• _Try it_
Reproduce exactly the lines beginning with the line that contains "have := dot_ge0" and ending at the final line of the material below.

• _Supplied information_
┌────────

Lemma graph_closed : closed_in pip (fun=> True) graph_of.
Proof.
move=> [x y] _ approx; suff [dx <-] : dom A x /\ app A x = y by [].
case: hA => _ _ _; apply=> e e0.
have e20 : 0 < (e / 2) ^+ 2 by rewrite exprn_gt0 // divr_gt0.
have [[z _] [/= dz ->] hz] := approx _ e20; exists z; split=> //.
have : ipnorm ipV (x - z) < e / 2.
  by rewrite /ipnorm sqrtr_lt ?divr_gt0 //; exact (le_lt_trans (qf_prod_fst ipV hW _) hz).
have : ipnorm ipW (y - app A z) < e / 2.
  by rewrite /ipnorm sqrtr_lt ?divr_gt0 //; exact (le_lt_trans (qf_prod_snd ipW hV _) hz).
lra.
Qed.

Lemma graph_complete : complete_on gip (dom A).
Proof.
move=> u du cauchy; pose v n := (u n, app A (u n)).
have qf_v n x : dom A x -> qf gip (u n - x) = qf pip (v n - (x, app A x)).
  by move=> dx; rewrite qf_graph appB.
have [[x y] _ lim] : exists2 l, True & forall e, 0 < e -> exists N, forall n,
    (N <= n)%N -> qf pip (v n - l) < e.
  apply: (prod_complete hV hW) => // e /cauchy[N hN]; exists N => n m Nn Nm.
  by have := hN n m Nn Nm; rewrite (qf_v _ _ (du m)).
have [/= dx ex] : graph_of (x, y).
  apply: graph_closed => // e /lim[N hN]; exists (v N); first exact: (conj (du N) erefl).
  by rewrite (qfBC (prod_semi_ip hV hW)) //; apply: hN.
by exists x => // e /lim[N hN]; exists N => n Nn; rewrite qf_v // -ex; apply: hN.
Qed.

Lemma adj_graph_sym x p : adj_graph ipV ipW A x p <->
  forall v, dom A v -> ipV p v = ipW x (app A v).
Proof.
split=> adj v dv; first by rewrite (ipC PV I I) -adj // -(ipC PW I I).
by rewrite (ipC PV I I) adj // -(ipC PW I I).
Qed.

(* [A^** = A]: the closed graph of [A] is its own double orthogonal complement. *)
Lemma adj_adj y z :
  (forall x p, adj_graph ipV ipW A x p -> ipV p y = ipW x z) ->
  dom A y /\ app A y = z.
Proof.
move=> adjH; suff [/= dy ->] : graph_of (y, z) by [].
apply: (mem_orth_orth (prod_semi_ip hV hW) (prod_complete hV hW) (fun _ _ => I)
  graph_subspace graph_closed (prod_definite hV hW) I) => -[r1 r2] _ rperp.
have adj : adj_graph ipV ipW A r2 (- r1).
  apply/adj_graph_sym => v dv; rewrite (ipNl PV I I); apply/eqP.
  by rewrite eq_sym -addr_eq0 addrC; apply/eqP/(rperp (v, app A v)).
have := adjH _ _ adj; rewrite (ipNl PV I I) => e.
by rewrite /prod_ip /= (ipC PV I I) (ipC PW I I) -conjcD -e subrr conjc0.
Qed.
Lemma parent_rel_no_isolated : (exists v, v != root) -> no_isolated parent_rel.
Proof.
case=> v0 v0Nroot v; case: (eqVneq v root) => [->|vNroot].
  have [u uNroot u_min] := @arg_minnP _ v0 (fun u => u != root) ht v0Nroot.
  exists u; rewrite parent_rel_sym.
  suff <- : par u = root by exact: parent_rel_par.
  apply/eqP; apply: contraT => par_uNroot.
  by have := u_min _ par_uNroot; rewrite leqNgt ht_par.
by exists (par v); exact: parent_rel_par.
Qed.

End ParentTree.

Lemma card_set_ord n (P : pred nat) : #|[set l : 'I_n | P l]| = count P (iota 0 n).
Proof.
by rewrite -val_enum_ord count_map cardsE cardE -size_filter /enum_mem filter_predT.
Qed.

Lemma card_set_pair (I J : finType) (A : I -> {set J}) :
  #|[set v : I * J | v.2 \in A v.1]| = \sum_i #|A i|.
Proof.
pose cnt i j := if j \in A i then 1 else 0.
rewrite -sum1_card big_mkcond (eq_bigr (fun v => cnt v.1 v.2)) => [|[i j] _].
  by rewrite -pair_bigA; apply: eq_bigr => i _; rewrite -sum1_card [RHS]big_mkcond.
by rewrite inE.
Qed.

(* A gadget is the path 0-1-2-3 with the paths 4-5-6, 7-8-9, 10-11-12 hanging
   from 0 and 13-14-15, 16-17-18, 19-20-21 hanging from 3. *)
Definition gadget_par_nat (l : nat) : nat :=
  if (4 <= l) && (l %% 3 == 1) then (if l < 13 then 0 else 3) else l.-1.

Lemma gadget_par_nat_le l : gadget_par_nat l <= l.-1.
Proof. by rewrite /gadget_par_nat; case: ifP => [/andP[le4l _]|//]; case: ifP; lia. Qed.

Definition gadget_par (l : 'I_22) : 'I_22 := inord (gadget_par_nat l).

Lemma gadget_parE l : gadget_par l = gadget_par_nat l :> nat.
Proof.
rewrite inordK //; apply: leq_ltn_trans (gadget_par_nat_le l) _.
exact: leq_ltn_trans (leq_pred l) (ltn_ord l).
Qed.

Definition gadget_adj : rel nat :=
  fun l x => (l != x) && ((gadget_par_nat l == x) || (gadget_par_nat x == l)).
From Pilot Require Import Defs.
From HB Require Import structures.
From mathcomp Require Import all_boot all_order all_algebra.
From mathcomp Require Import ring lra zify.
Import Order.TTheory GRing.Theory Num.Theory.
Set Implicit Arguments. Unset Strict Implicit. Unset Printing Implicit Defensive.
Local Open Scope ring_scope.

(* Rank the blocks outside S by the ratio
   ||x[b]||_2 / omega_b and cut the complement of S greedily into groups
   T1, T2, ... of weight <= s, each (but the last) of weight >= s/2; this is
   possible because every block weighs at most s/2.  A group is then bounded
   by the weighted l^{2,1} mass of the group before it:
   ||x[T_{j+1}]||_2 <= 2/sqrt s * wmass(T_j).  With the head z = x[S] + x[T1]
   (weight <= 2s), the RIP and its polarized form give
     (1 - delta) ||z||^2 <= <Az, Ax> - sum_{j>=2} <Az, A x[T_j]>
                          <= sqrt(1+delta) ||z|| ||Ax||
                             + sqrt 2 delta ||z|| * 2/sqrt s * wmass(S^c),
   and dividing by ||z|| >= ||x[S]|| yields the claim. *)

Section Euclid.
Context {R : rcfType}.

Definition dot {n} (u v : 'cV[R]_n) : R := \sum_i u i 0 * v i 0.

Lemma dot_ge0 {n} (u : 'cV[R]_n) : 0 <= dot u u.
Proof. by apply: sumr_ge0 => i _; rewrite -expr2 sqr_ge0. Qed.

Lemma sqr_l2norm {n} (u : 'cV[R]_n) : l2norm u ^+ 2 = dot u u.
Proof.
rewrite /l2norm sqr_sqrtr; last by apply: sumr_ge0 => i _; rewrite sqr_ge0.
by apply: eq_bigr => i _; rewrite expr2.
Qed.

Lemma l2norm_ge0 {n} (u : 'cV[R]_n) : 0 <= l2norm u.
Proof. exact: sqrtr_ge0. Qed.

Lemma dotC {n} (u v : 'cV[R]_n) : dot u v = dot v u.
Proof. by apply: eq_bigr => i _; rewrite mulrC. Qed.

Lemma dotDr {n} (u v v' : 'cV[R]_n) : dot u (v + v') = dot u v + dot u v'.
Proof. by rewrite /dot -big_split; apply: eq_bigr => i _; rewrite !mxE mulrDr. Qed.

Lemma dotDl {n} (u u' v : 'cV[R]_n) : dot (u + u') v = dot u v + dot u' v.
Proof. by rewrite dotC dotDr !(dotC v). Qed.

Lemma dotZr {n} a (u v : 'cV[R]_n) : dot u (a *: v) = a * dot u v.
Proof. by rewrite /dot mulr_sumr; apply: eq_bigr => i _; rewrite !mxE mulrCA. Qed.

Lemma dotZl {n} a (u v : 'cV[R]_n) : dot (a *: u) v = a * dot u v.
Proof. by rewrite dotC dotZr dotC. Qed.

Lemma dot0l {n} (u : 'cV[R]_n) : dot 0 u = 0.
Proof. by rewrite /dot big1 // => i _; rewrite mxE mul0r. Qed.

Lemma l2norm0 {n} : l2norm (0 : 'cV[R]_n) = 0.
Proof. by rewrite /l2norm big1 ?sqrtr0 // => i _; rewrite mxE expr0n. Qed.

Lemma l2norm_eq0 {n} (u : 'cV[R]_n) : l2norm u = 0 -> u = 0.
Proof.
move=> u0; apply/matrixP => i j; rewrite ord1 mxE.
have sq0 : dot u u = 0 by rewrite -sqr_l2norm u0 expr0n.
have nn k : true -> 0 <= u k 0 * u k 0 by rewrite -expr2 sqr_ge0.
have /eqP := @psumr_eq0P _ _ _ _ nn sq0 i isT.
by rewrite -expr2 sqrf_eq0 => /eqP.
Qed.

Lemma dot_comb {n} a b (u v : 'cV[R]_n) :
  dot (a *: u + b *: v) (a *: u + b *: v) =
  a ^+ 2 * dot u u + 2 * a * b * dot u v + b ^+ 2 * dot v v.
Proof. rewrite !dotDl !dotDr !dotZl !dotZr (dotC v u); ring. Qed.

(* Cauchy-Schwarz, from the nonnegativity of |v| u - |u| v squared. *)
Lemma cauchy_schwarz {n} (u v : 'cV[R]_n) : dot u v <= l2norm u * l2norm v.
Proof.
have [/l2norm_eq0 ->|u0] := eqVneq (l2norm u) 0.
  by rewrite dot0l mulr_ge0 ?l2norm_ge0.
have [/l2norm_eq0 ->|v0] := eqVneq (l2norm v) 0.
  by rewrite dotC dot0l mulr_ge0 ?l2norm_ge0.
have up : 0 < l2norm u by rewrite lt_def u0 l2norm_ge0.
have vp : 0 < l2norm v by rewrite lt_def v0 l2norm_ge0.
have := dot_ge0 (l2norm v *: u + (- l2norm u) *: v).
rewrite dot_comb -!sqr_l2norm; have := mulr_gt0 up vp; nra.
Qed.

└────────

• _Output of the exercise_
have := dot_ge0 (l2norm v *: u + (- l2norm u) *: v).
rewrite dot_comb -!sqr_l2norm; have := mulr_gt0 up vp; nra.
Qed.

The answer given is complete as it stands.